» Extracted data entries

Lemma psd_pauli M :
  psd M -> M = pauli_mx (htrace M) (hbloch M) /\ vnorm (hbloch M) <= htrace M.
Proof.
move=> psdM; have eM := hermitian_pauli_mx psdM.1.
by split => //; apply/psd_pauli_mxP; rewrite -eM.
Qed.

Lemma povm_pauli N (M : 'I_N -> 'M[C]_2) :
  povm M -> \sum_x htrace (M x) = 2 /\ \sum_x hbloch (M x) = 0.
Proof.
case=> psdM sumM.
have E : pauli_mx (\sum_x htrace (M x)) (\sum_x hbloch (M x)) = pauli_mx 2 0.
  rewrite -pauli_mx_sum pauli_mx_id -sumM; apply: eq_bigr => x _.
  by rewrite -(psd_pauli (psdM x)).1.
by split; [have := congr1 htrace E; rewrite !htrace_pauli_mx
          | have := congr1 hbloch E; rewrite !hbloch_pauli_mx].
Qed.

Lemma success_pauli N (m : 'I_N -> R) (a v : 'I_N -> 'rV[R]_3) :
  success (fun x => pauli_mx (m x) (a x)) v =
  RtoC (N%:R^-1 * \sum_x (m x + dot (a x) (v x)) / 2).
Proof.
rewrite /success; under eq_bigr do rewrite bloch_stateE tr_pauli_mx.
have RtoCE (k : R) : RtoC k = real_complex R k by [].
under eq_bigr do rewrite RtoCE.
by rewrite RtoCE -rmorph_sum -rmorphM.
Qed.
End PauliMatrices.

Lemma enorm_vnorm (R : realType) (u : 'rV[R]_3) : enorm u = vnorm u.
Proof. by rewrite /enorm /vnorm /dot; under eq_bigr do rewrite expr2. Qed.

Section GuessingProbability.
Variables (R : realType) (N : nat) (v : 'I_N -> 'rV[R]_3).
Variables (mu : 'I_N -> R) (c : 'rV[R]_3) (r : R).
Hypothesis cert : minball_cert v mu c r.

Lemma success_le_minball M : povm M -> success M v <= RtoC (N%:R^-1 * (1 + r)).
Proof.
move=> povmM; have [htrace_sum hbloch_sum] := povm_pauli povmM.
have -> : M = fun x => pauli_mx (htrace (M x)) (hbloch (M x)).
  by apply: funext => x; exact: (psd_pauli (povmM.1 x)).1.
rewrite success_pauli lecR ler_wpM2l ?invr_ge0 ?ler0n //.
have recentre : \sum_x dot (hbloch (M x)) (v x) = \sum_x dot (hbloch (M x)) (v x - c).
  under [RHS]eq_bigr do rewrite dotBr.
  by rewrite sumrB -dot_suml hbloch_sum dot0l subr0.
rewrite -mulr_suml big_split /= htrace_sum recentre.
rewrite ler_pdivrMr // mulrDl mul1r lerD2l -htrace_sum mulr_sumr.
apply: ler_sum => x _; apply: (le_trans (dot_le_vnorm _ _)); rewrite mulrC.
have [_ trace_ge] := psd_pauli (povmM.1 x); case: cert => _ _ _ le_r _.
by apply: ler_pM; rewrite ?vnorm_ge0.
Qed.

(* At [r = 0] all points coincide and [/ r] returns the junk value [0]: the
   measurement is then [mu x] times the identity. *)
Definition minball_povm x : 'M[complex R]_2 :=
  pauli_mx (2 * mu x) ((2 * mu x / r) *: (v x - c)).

» Goal of the exercise
Could you transcribe every entry exactly, without altering anything?

» Expected output
Lemma psd_pauli M :
  psd M -> M = pauli_mx (htrace M) (hbloch M) /\ vnorm (hbloch M) <= htrace M.
Proof.
move=> psdM; have eM := hermitian_pauli_mx psdM.1.
by split => //; apply/psd_pauli_mxP; rewrite -eM.
Qed.

Lemma povm_pauli N (M : 'I_N -> 'M[C]_2) :
  povm M -> \sum_x htrace (M x) = 2 /\ \sum_x hbloch (M x) = 0.
Proof.
case=> psdM sumM.
have E : pauli_mx (\sum_x htrace (M x)) (\sum_x hbloch (M x)) = pauli_mx 2 0.
  rewrite -pauli_mx_sum pauli_mx_id -sumM; apply: eq_bigr => x _.
  by rewrite -(psd_pauli (psdM x)).1.
by split; [have := congr1 htrace E; rewrite !htrace_pauli_mx
          | have := congr1 hbloch E; rewrite !hbloch_pauli_mx].
Qed.

Lemma success_pauli N (m : 'I_N -> R) (a v : 'I_N -> 'rV[R]_3) :
  success (fun x => pauli_mx (m x) (a x)) v =
  RtoC (N%:R^-1 * \sum_x (m x + dot (a x) (v x)) / 2).
Proof.
rewrite /success; under eq_bigr do rewrite bloch_stateE tr_pauli_mx.
have RtoCE (k : R) : RtoC k = real_complex R k by [].
under eq_bigr do rewrite RtoCE.
by rewrite RtoCE -rmorph_sum -rmorphM.
Qed.
End PauliMatrices.

Lemma enorm_vnorm (R : realType) (u : 'rV[R]_3) : enorm u = vnorm u.
Proof. by rewrite /enorm /vnorm /dot; under eq_bigr do rewrite expr2. Qed.

Section GuessingProbability.
Variables (R : realType) (N : nat) (v : 'I_N -> 'rV[R]_3).
Variables (mu : 'I_N -> R) (c : 'rV[R]_3) (r : R).
Hypothesis cert : minball_cert v mu c r.

Lemma success_le_minball M : povm M -> success M v <= RtoC (N%:R^-1 * (1 + r)).
Proof.
move=> povmM; have [htrace_sum hbloch_sum] := povm_pauli povmM.
have -> : M = fun x => pauli_mx (htrace (M x)) (hbloch (M x)).
  by apply: funext => x; exact: (psd_pauli (povmM.1 x)).1.
rewrite success_pauli lecR ler_wpM2l ?invr_ge0 ?ler0n //.
have recentre : \sum_x dot (hbloch (M x)) (v x) = \sum_x dot (hbloch (M x)) (v x - c).
  under [RHS]eq_bigr do rewrite dotBr.
  by rewrite sumrB -dot_suml hbloch_sum dot0l subr0.
rewrite -mulr_suml big_split /= htrace_sum recentre.
rewrite ler_pdivrMr // mulrDl mul1r lerD2l -htrace_sum mulr_sumr.
apply: ler_sum => x _; apply: (le_trans (dot_le_vnorm _ _)); rewrite mulrC.
have [_ trace_ge] := psd_pauli (povmM.1 x); case: cert => _ _ _ le_r _.
by apply: ler_pM; rewrite ?vnorm_ge0.
Qed.

(* At [r = 0] all points coincide and [/ r] returns the junk value [0]: the
   measurement is then [mu x] times the identity. *)
Definition minball_povm x : 'M[complex R]_2 :=
  pauli_mx (2 * mu x) ((2 * mu x / r) *: (v x - c)).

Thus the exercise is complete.